• _Task_
Write out again, exactly, the lines below starting at the one with "intros Ht. unfold Dn_Rpower_1m." and ending at the one with "(forall k, (k < n)%nat -> (A k < n)%nat) ->".

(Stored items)
+===+
Lemma pascal_gt j i : (j < i)%nat -> pascal j i = 0.
Proof.
  revert i; induction j as [|j IH]; intros i Hi; destruct i; try lia; simpl; [easy|].
  rewrite !IH by lia. ring.
Qed.

Lemma pascal_C j i : (i <= j)%nat -> pascal j i = Binomial.C j i.
Proof.
  assert (C_0 : forall n, Binomial.C n 0 = 1).
  { intros n. unfold Binomial.C. rewrite Nat.sub_0_r. simpl. field. apply INR_fact_neq_0. }
  assert (C_diag : forall n, Binomial.C n n = 1).
  { intros n. unfold Binomial.C. rewrite Nat.sub_diag. simpl. field. apply INR_fact_neq_0. }
  revert i; induction j as [|j IH]; intros i Hi.
  - destruct i; [|lia]. now rewrite C_0.
  - destruct i; [now rewrite pascal_0_r, C_0|]. simpl.
    destruct (Nat.eq_dec i j) as [->|Hij].
    + rewrite (pascal_gt j (S j)), IH, !C_diag by lia. ring.
    + rewrite !IH by lia. apply Binomial.pascal. lia.
Qed.

Lemma pascal_fact j i : (i <= j)%nat ->
  pascal j i * INR (Factorial.fact i) * INR (Factorial.fact (j - i)) = INR (Factorial.fact j).
Proof.
  intros Hij. rewrite pascal_C by exact Hij. unfold Binomial.C.
  field. split; apply INR_fact_neq_0.
Qed.

Lemma sum_pascal_step (x y : nat -> R) j :
  sum_f_R0 (fun i => pascal j i * (x (S i) * y (j - i)%nat + x i * y (S (j - i)))) j
  = sum_f_R0 (fun i => pascal (S j) i * x i * y (S j - i)%nat) (S j).
Proof.
  rewrite (decomp_sum _ (S j)) by lia. simpl pred. simpl (pascal (S j) 0).
  transitivity (sum_f_R0 (fun i => pascal j i * x (S i) * y (j - i)%nat) j
                + sum_f_R0 (fun i => pascal j i * x i * y (S (j - i))) j).
  { rewrite <- sum_plus. apply sum_eq. intros; ring. }
  assert (E : sum_f_R0 (fun i => pascal j i * x i * y (S (j - i))) j
              = x O * y (S j) + sum_f_R0 (fun i => pascal j (S i) * x (S i) * y (j - i)%nat) j).
  { pose proof (tech5 (fun i => pascal j i * x i * y (S (j - i))) j) as T; cbv beta in T.
    rewrite (pascal_gt j (S j)), !Rmult_0_l, Rplus_0_r in T by lia.
    rewrite <- T, decomp_sum by lia. simpl pred. rewrite pascal_0_r, Nat.sub_0_r.
    f_equal; [ring|]. apply sum_eq. intros i Hi.
    destruct (Nat.eq_dec i j) as [->|Hij]; [rewrite pascal_gt by lia; ring|].
    now replace (S (j - S i)) with (j - i)%nat by lia. }
  rewrite E, Nat.sub_0_r.
  replace (sum_f_R0 (fun i => pascal (S j) (S i) * x (S i) * y (S j - S i)%nat) j)
    with (sum_f_R0 (fun i => pascal j i * x (S i) * y (j - i)%nat) j
          + sum_f_R0 (fun i => pascal j (S i) * x (S i) * y (j - i)%nat) j).
  2:{ rewrite <- sum_plus. apply sum_eq. intros i Hi. simpl (S j - S i)%nat. simpl (pascal (S j) (S i)). ring. }
  ring.
Qed.

Definition leibniz_sum (u v : nat -> R -> R) (j : nat) (t : R) : R :=
  sum_f_R0 (fun i => pascal j i * u i t * v (j - i)%nat t) j.

Lemma is_derive_leibniz_sum (u v : nat -> R -> R) t :
  (forall i, is_derive (u i) t (u (S i) t)) -> (forall k, is_derive (v k) t (v (S k) t)) ->
  forall j, is_derive (leibniz_sum u v j) t (leibniz_sum u v (S j) t).
Proof.
  intros Hu Hv j. unfold leibniz_sum. rewrite <- (sum_pascal_step (fun i => u i t) (fun k => v k t)).
  apply (is_derive_sum_f_R0 (fun i s => pascal j i * u i s * v (j - i)%nat s)). intros i Hi.
  replace (pascal j i * (u (S i) t * v (j - i)%nat t + u i t * v (S (j - i)) t))
    with (pascal j i * u (S i) t * v (j - i)%nat t + pascal j i * u i t * v (S (j - i)) t) by ring.
  apply (is_derive_Rmult (fun s => pascal j i * u i s) (v (j - i)%nat)); [|apply Hv].
  apply is_derive_scal, Hu.
Qed.

Fixpoint falling (r : R) (k : nat) : R :=
  match k with O => 1 | S k' => falling r k' * (r - INR k') end.

Lemma falling_fact r k : falling r k = INR (Factorial.fact k) * gbinom r k.
Proof.
  induction k as [|k IH]; cbn [falling gbinom]; [simpl; ring|].
  rewrite IH, fact_simpl, mult_INR. field. apply not_0_INR. lia.
Qed.

Definition Dn_Rpower (al : R) (k : nat) (t : R) : R := falling al k * Rpower t (al - INR k).

Definition Dn_Rpower_1m (be : R) (k : nat) (t : R) : R :=
  (-1) ^ k * falling be k * Rpower (1 - t) (be - INR k).

Definition Dn_weight (al be : R) : nat -> R -> R := leibniz_sum (Dn_Rpower_1m be) (Dn_Rpower al).

Lemma is_derive_Dn_Rpower al k t : 0 < t -> is_derive (Dn_Rpower al k) t (Dn_Rpower al (S k) t).
Proof.
  intros Ht. unfold Dn_Rpower. simpl falling. rewrite S_INR.
  replace (al - (INR k + 1)) with (al - INR k - 1) by ring.
  replace (falling al k * (al - INR k) * Rpower t (al - INR k - 1))
    with (falling al k * ((al - INR k) * Rpower t (al - INR k - 1))) by ring.
  apply is_derive_scal, is_derive_Rpower, Ht.
Qed.

Lemma is_derive_Dn_Rpower_1m be k t : t < 1 ->
  is_derive (Dn_Rpower_1m be k) t (Dn_Rpower_1m be (S k) t).
Proof.
  intros Ht. unfold Dn_Rpower_1m. simpl falling. rewrite S_INR.
  replace (be - (INR k + 1)) with (be - INR k - 1) by ring.
  replace ((-1) ^ S k * (falling be k * (be - INR k)) * Rpower (1 - t) (be - INR k - 1))
    with ((-1) ^ k * falling be k * (- ((be - INR k) * Rpower (1 - t) (be - INR k - 1))))
    by (simpl pow; ring).
  apply is_derive_scal, is_derive_Rpower_1m, Ht.
Qed.

Lemma is_derive_Dn_weight al be j t : 0 < t < 1 ->
  is_derive (Dn_weight al be j) t (Dn_weight al be (S j) t).
Proof.
  intros Ht. apply is_derive_leibniz_sum; intros.
  - apply is_derive_Dn_Rpower_1m; lra.
  - apply is_derive_Dn_Rpower; lra.
Qed.
Lemma jac_row_lipschitz n r A B x y p : (r < n)%nat ->
  (forall k, (k < n)%nat -> (A k < n)%nat) ->
  Rabs (jac_row n x r A B p - jac_row n y r A B p)
  <= INR (n - 1) / 2 * norm_inf (2 * n - 1) (vsub x y).
Proof.
  intros Hr H. unfold jac_row.
  match goal with |- Rabs (- ?S1 - - ?S2) <= _ => replace (- S1 - - S2) with (- (S1 - S2)) by ring end.
  rewrite Rabs_Ropp, sumR_skip_minus.
  replace (INR (n - 1) / 2 * norm_inf (2 * n - 1) (vsub x y))
    with (INR (n - 1) * (norm_inf (2 * n - 1) (vsub x y) / 2)) by field.
  apply sumR_skip_abs_le; auto.
  intros k Hk _. specialize (H k Hk).
  rewrite <- Rmult_minus_distr_r, Rabs_mult.
  pose proof (dlogistic_pair_diff_le n x y (A k) (B k) ltac:(lia)).
  assert (0 <= pair_grad n (A k) (B k) p <= 1).
  { unfold pair_grad, ind.
    destruct (Nat.eqb_spec (A k) p), (Nat.ltb (B k) (n - 1));
      try destruct (Nat.eqb_spec (n + B k) p); try lia; lra. }
  rewrite (Rabs_pos_eq (pair_grad _ _ _ _)) by lra.
  pose proof (Rabs_pos (dlogistic (x (A k) + beta n x (B k)) - dlogistic (y (A k) + beta n y (B k)))).
  nra.
Qed.

Lemma jacobian_matvec_lipschitz n a x y v Jx Jy : (2 <= n)%nat ->
  is_jacobian (2 * n - 1) (Fmap n a) x Jx -> is_jacobian (2 * n - 1) (Fmap n a) y Jy ->
  norm_inf (2 * n - 1) (vsub (matvec (2 * n - 1) Jx v) (matvec (2 * n - 1) Jy v))
  <= INR (n - 1) * norm_inf (2 * n - 1) (vsub x y) * norm_inf (2 * n - 1) v.
Proof.
  intros Hn HJx HJy.
  pose proof (norm_inf_ge0 (2 * n - 1) (vsub x y)). pose proof (norm_inf_ge0 (2 * n - 1) v).
  pose proof (pos_INR (n - 1)).
  apply norm_inf_le; [apply Rmult_le_pos; [apply Rmult_le_pos|]; lra|].
  intros i Hi. unfold vsub at 1.
  rewrite (matvec_jacobian _ n a x Jx), (matvec_jacobian _ n a y Jy) by auto.
  unfold jac. destruct (Nat.ltb_spec i n);
    apply jac_row_matvec_lipschitz; try lia; intros k Hk; split; lia.
Qed.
+===+
• _Answer to this problem_
  intros Ht. unfold Dn_Rpower_1m. simpl falling. rewrite S_INR.
  replace (be - (INR k + 1)) with (be - INR k - 1) by ring.
  replace ((-1) ^ S k * (falling be k * (be - INR k)) * Rpower (1 - t) (be - INR k - 1))
    with ((-1) ^ k * falling be k * (- ((be - INR k) * Rpower (1 - t) (be - INR k - 1))))
    by (simpl pow; ring).
  apply is_derive_scal, is_derive_Rpower_1m, Ht.
Qed.

Lemma is_derive_Dn_weight al be j t : 0 < t < 1 ->
  is_derive (Dn_weight al be j) t (Dn_weight al be (S j) t).
Proof.
  intros Ht. apply is_derive_leibniz_sum; intros.
  - apply is_derive_Dn_Rpower_1m; lra.
  - apply is_derive_Dn_Rpower; lra.
Qed.
Lemma jac_row_lipschitz n r A B x y p : (r < n)%nat ->
  (forall k, (k < n)%nat -> (A k < n)%nat) ->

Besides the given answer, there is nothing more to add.